By the nature of my work, I often have to participate in projects in which high-availability, high-performance systems are created for various markets - advertising, fintech, services of the SaaS, PaaS classes. Such systems use a well-established set of architectures and components that allow you to effectively meet product requirements, for example, lambda-based architecture for streamline data processing, scalable micro-service software design, oriented to horizontal scaling, noSQL DBMS (Redis, Aerospike, Cassandra, MongoDB ), message brokers (Kafka, RabbitMQ), distributed coordination and detection servers (Apache Zookeeper, Consul). Such basic infrastructure blocks most often allow to successfully solve most of the tasks and the development team does not encounter the tasks of developing components of the middle level (middleware), which, in turn, will be used by the business-oriented part of the developed system.
In some cases, there are tasks that the project team cannot implement with existing solutions that are standard, then there is a need to search for or develop highly specialized products designed to solve specific problems.

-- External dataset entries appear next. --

(* Let $F\in\mathrm{Lip}_{\rm loc}(\mathbb{R})$ and suppose $F$ is linear (affine) on an interval $(a,b)\subset\mathbb{R}$ for some $a<b$. Then there exists an initial datum $g\in\mathrm{Lip}(\mathbb{R})$ and a constant $c_0>0$ depending only on $F$ and $g$ such that for every $\varepsilon\in(0,\tfrac14)$, \[ |u^\varepsilon(0,1)-u(0,1)|\ge c_0\sqrt{\varepsilon}, \] where $u^\varepsilon$ is the viscosity solution of $u^\varepsilon_t+F(u^\varepsilon_x)=\varepsilon u^\varepsilon_{xx}$ in $\mathbb{R}\times(0,\infty)$, $u^\varepsilon(\cdot,0)=g$, and $u$ is the viscosity solution of $u_t+F(u_x)=0$ in $\mathbb{R}\times(0,\infty)$, $u(\cdot,0)=g$. *)

From Stdlib Require Import Reals.
From Coquelicot Require Import Coquelicot.
Open Scope R_scope.

Definition loc_lipschitz (F : R -> R) : Prop :=
  forall r : R, exists L : R, forall p q : R,
    Rabs p <= r -> Rabs q <= r -> Rabs (F p - F q) <= L * Rabs (p - q).

Definition lipschitz (g : R -> R) : Prop :=
  exists L : R, forall x y : R, Rabs (g x - g y) <= L * Rabs (x - y).

Definition affine_on (F : R -> R) (a b : R) : Prop :=
  exists p q : R, forall x : R, a < x < b -> F x = p * x + q.

Definition cont2 (f : R -> R -> R) : Prop :=
  forall x t eps : R, 0 < eps -> exists delta : R, 0 < delta /\
    forall y s : R, Rabs (y - x) < delta -> Rabs (s - t) < delta ->
      Rabs (f y s - f x t) < eps.

Definition C1_test (phi phit phix : R -> R -> R) : Prop :=
  cont2 phi /\ cont2 phit /\ cont2 phix /\
  (forall x t, is_derive (fun s => phi x s) t (phit x t)) /\
  (forall x t, is_derive (fun y => phi y t) x (phix x t)).

Definition C21_test (phi phit phix phixx : R -> R -> R) : Prop :=
  C1_test phi phit phix /\ cont2 phixx /\
  (forall x t, is_derive (fun y => phix y t) x (phixx x t)).

Definition loc_max_at (w : R -> R -> R) (x0 t0 : R) : Prop :=
  exists r : R, 0 < r /\ forall y s : R, Rabs (y - x0) < r -> Rabs (s - t0) < r ->
    0 < s -> w y s <= w x0 t0.
Definition loc_min_at (w : R -> R -> R) (x0 t0 : R) : Prop :=
  exists r : R, 0 < r /\ forall y s : R, Rabs (y - x0) < r -> Rabs (s - t0) < r ->
    0 < s -> w x0 t0 <= w y s.

Definition cont_closed_half (u : R -> R -> R) : Prop :=
  forall x t eps : R, 0 <= t -> 0 < eps -> exists delta : R, 0 < delta /\
    forall y s : R, 0 <= s -> Rabs (y - x) < delta -> Rabs (s - t) < delta ->
      Rabs (u y s - u x t) < eps.
(* Let $K$ be a positive integer dividing $T$ and let $\epsilon,\delta,\alpha>0$. Consider the sequence $\{\widetilde{\mathbf y}_{m}\}$ produced by Algorithm DPP (described in the context) with these parameters. Fix an interval $[s,e]$, $1\le s<e\le T$, and suppose $\widehat{\mathcal K}_{s,e}:=\{\mathbf x\in\mathcal K:\ g_t(\mathbf x)\le0\ \forall t\in[s,e]\}\neq\emptyset$. Then $$\sum_{t=s}^{e}f_t(\widetilde{\mathbf y}_{m(t)})-\min_{\mathbf x\in\widehat{\mathcal K}_{s,e}}\sum_{t=s}^{e}f_t(\mathbf x)\le 2KR(2G_f+R\alpha)+\frac{G_f^2}{2\alpha}T,$$ and for every $c>0$, $$\sum_{t=s}^{e}g_t^+(\widetilde{\mathbf y}_{m(t)})\le\frac{G_g^2}{2c}T+2cR\Big(\frac{G_fT}{\alpha}+RK\Big)+\frac{2\alpha R^2}{\delta}+\Big(\frac{G_f}{\alpha}+4R\Big)\frac{G_fT}{2\delta K}+4KRG_g.$$
   Context: Let $\mathcal K\subset\mathbb R^n$ be convex and compact with $\mathbf 0\in\mathcal K\subseteq R\mathcal B$, where $\mathcal B$ is the closed origin-centered unit Euclidean ball and $R>0$. There are $T$ rounds with an arbitrary sequence of functions $f_1,\dots,f_T,g_1,\dots,g_T:\mathbb R^n\to\mathbb R$, each convex on $R\mathcal B$, such that every subgradient of every $f_t$ (resp. $g_t$) at points of $R\mathcal B$ has Euclidean norm at most $G_f$ (resp. $G_g$). Write $g_t^+(\mathbf x)=\max\{g_t(\mathbf x),0\}$. At the end of round $t$ the functions $f_t,g_t$ are revealed to the algorithm. For a block size $K$ (a positive integer dividing $T$) let $m(t)=\lceil t/K\rceil$ and $\mathcal T_m=\{(m-1)K+1,\dots,mK\}$ for $m\in[T/K]$. Linear optimization oracle (LOO) of a convex compact set $S$: given $\mathbf c\in\mathbb R^n$, returns some point of $\arg\min_{\mathbf x\in S}\mathbf c^\top\mathbf x$. Procedure FW$(\mathbf x_1,\mathbf y,\epsilon;S)$ with $\mathbf x_1\in S$: for $i=1,2,\dots$: call the LOO of $S$ to get $\mathbf v_i\in\arg\min_{\mathbf x\in S}(\mathbf x_i-\mathbf y)^\top\mathbf x$; if $(\mathbf x_i-\mathbf y)^\top(\mathbf x_i-\mathbf v_i)\le\epsilon$ or $\|\mathbf x_i-\mathbf y\|^2\le 3\epsilon$, return $\mathbf x_i$; otherwise let $\sigma_i\in\arg\min_{\sigma\in[0,1]}\|\mathbf y-\mathbf x_i-\sigma(\mathbf v_i-\mathbf x_i)\|^2$ and $\mathbf x_{i+1}=\mathbf x_i+\sigma_i(\mathbf v_i-\mathbf x_i)$. Procedure $\mathcal O_{AFP}(\mathbf y_1,\mathbf x_0,\epsilon,S)$ with $\mathbf x_0\in S$: if $\|\mathbf x_0-\mathbf y_1\|^2\le3\epsilon$ return $(\mathbf x_0,\mathbf y_1)$. Otherwise for $i=1,2,\dots$: $\mathbf x_i=$FW$(\mathbf x_{i-1},\mathbf y_i,\epsilon;S)$; if $\|\mathbf x_i-\mathbf y_i\|^2>3\epsilon$ set $\mathbf y_{i+1}=\mathbf y_i-\frac23(\mathbf y_i-\mathbf x_i)$, else return $(\mathbf x_i,\mathbf y_i)$. Algorithm DPP (parameters $T,K,\epsilon,\delta,\alpha>0$): set $\mathbf x_1=\widetilde{\mathbf y}_1$ to an arbitrary point of $\mathcal K$. For $m=1,\dots,T/K$: for each $t\in\mathcal T_m$, play $\mathbf x_m$, observe $f_t,g_t$, and pick $\nabla_t\in\partial f_t(\widetilde{\mathbf y}_m)$. Then set $\bar\nabla_m=\frac1K\sum_{t\in\mathcal T_m}\nabla_t$, $G_m^+(\mathbf x)=\delta\sum_{t\in\mathcal T_m}g_t^+(\mathbf x)$, $\mathbf y_{m+1}=\arg\min_{\mathbf x\in R\mathcal B}\{h_m(\mathbf x):=\bar\nabla_m^\top(\mathbf x-\widetilde{\mathbf y}_m)+G_m^+(\mathbf x)+\frac\alpha2\|\mathbf x-\widetilde{\mathbf y}_m\|^2\}$, and $(\mathbf x_{m+1},\widetilde{\mathbf y}_{m+1})=\mathcal O_{AFP}(\mathbf y_{m+1},\mathbf x_m,\epsilon,\mathcal K)$. On round $t$ the played point is $\mathbf x_{m(t)}$. *)

From HB Require Import structures.
From mathcomp Require Import all_boot all_order all_algebra.
From mathcomp Require Import all_classical all_reals topology normedtype.
Import numFieldNormedType.Exports.
Set Implicit Arguments. Unset Strict Implicit. Unset Printing Implicit Defensive.
Import Order.TTheory GRing.Theory Num.Theory.
Local Open Scope ring_scope.
Local Open Scope classical_set_scope.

In one of the projects, the team had a rather specific task, within the framework of which there was a need to organize a strictly-ordered data queue that would allow the data to be “played”, supported replication, horizontal scaling and was fault tolerant. This is a classic data structure, which is called a transaction log (Commit Log) and is used in almost all more or less complex DBMS.
The basic requirements for the transaction log are that the changes are recorded in a strict order, thus the structure ensures that the client who initiated the recording is first guaranteed to receive a lower sequence number of the log entry, even if the record took longer than some other client. Operations logs are widely used in systems that have competitive access to objects, which should be streamlined. A typical concurrent access queue is an example of such a journal (for example, LinkedBlockingQueue in Java).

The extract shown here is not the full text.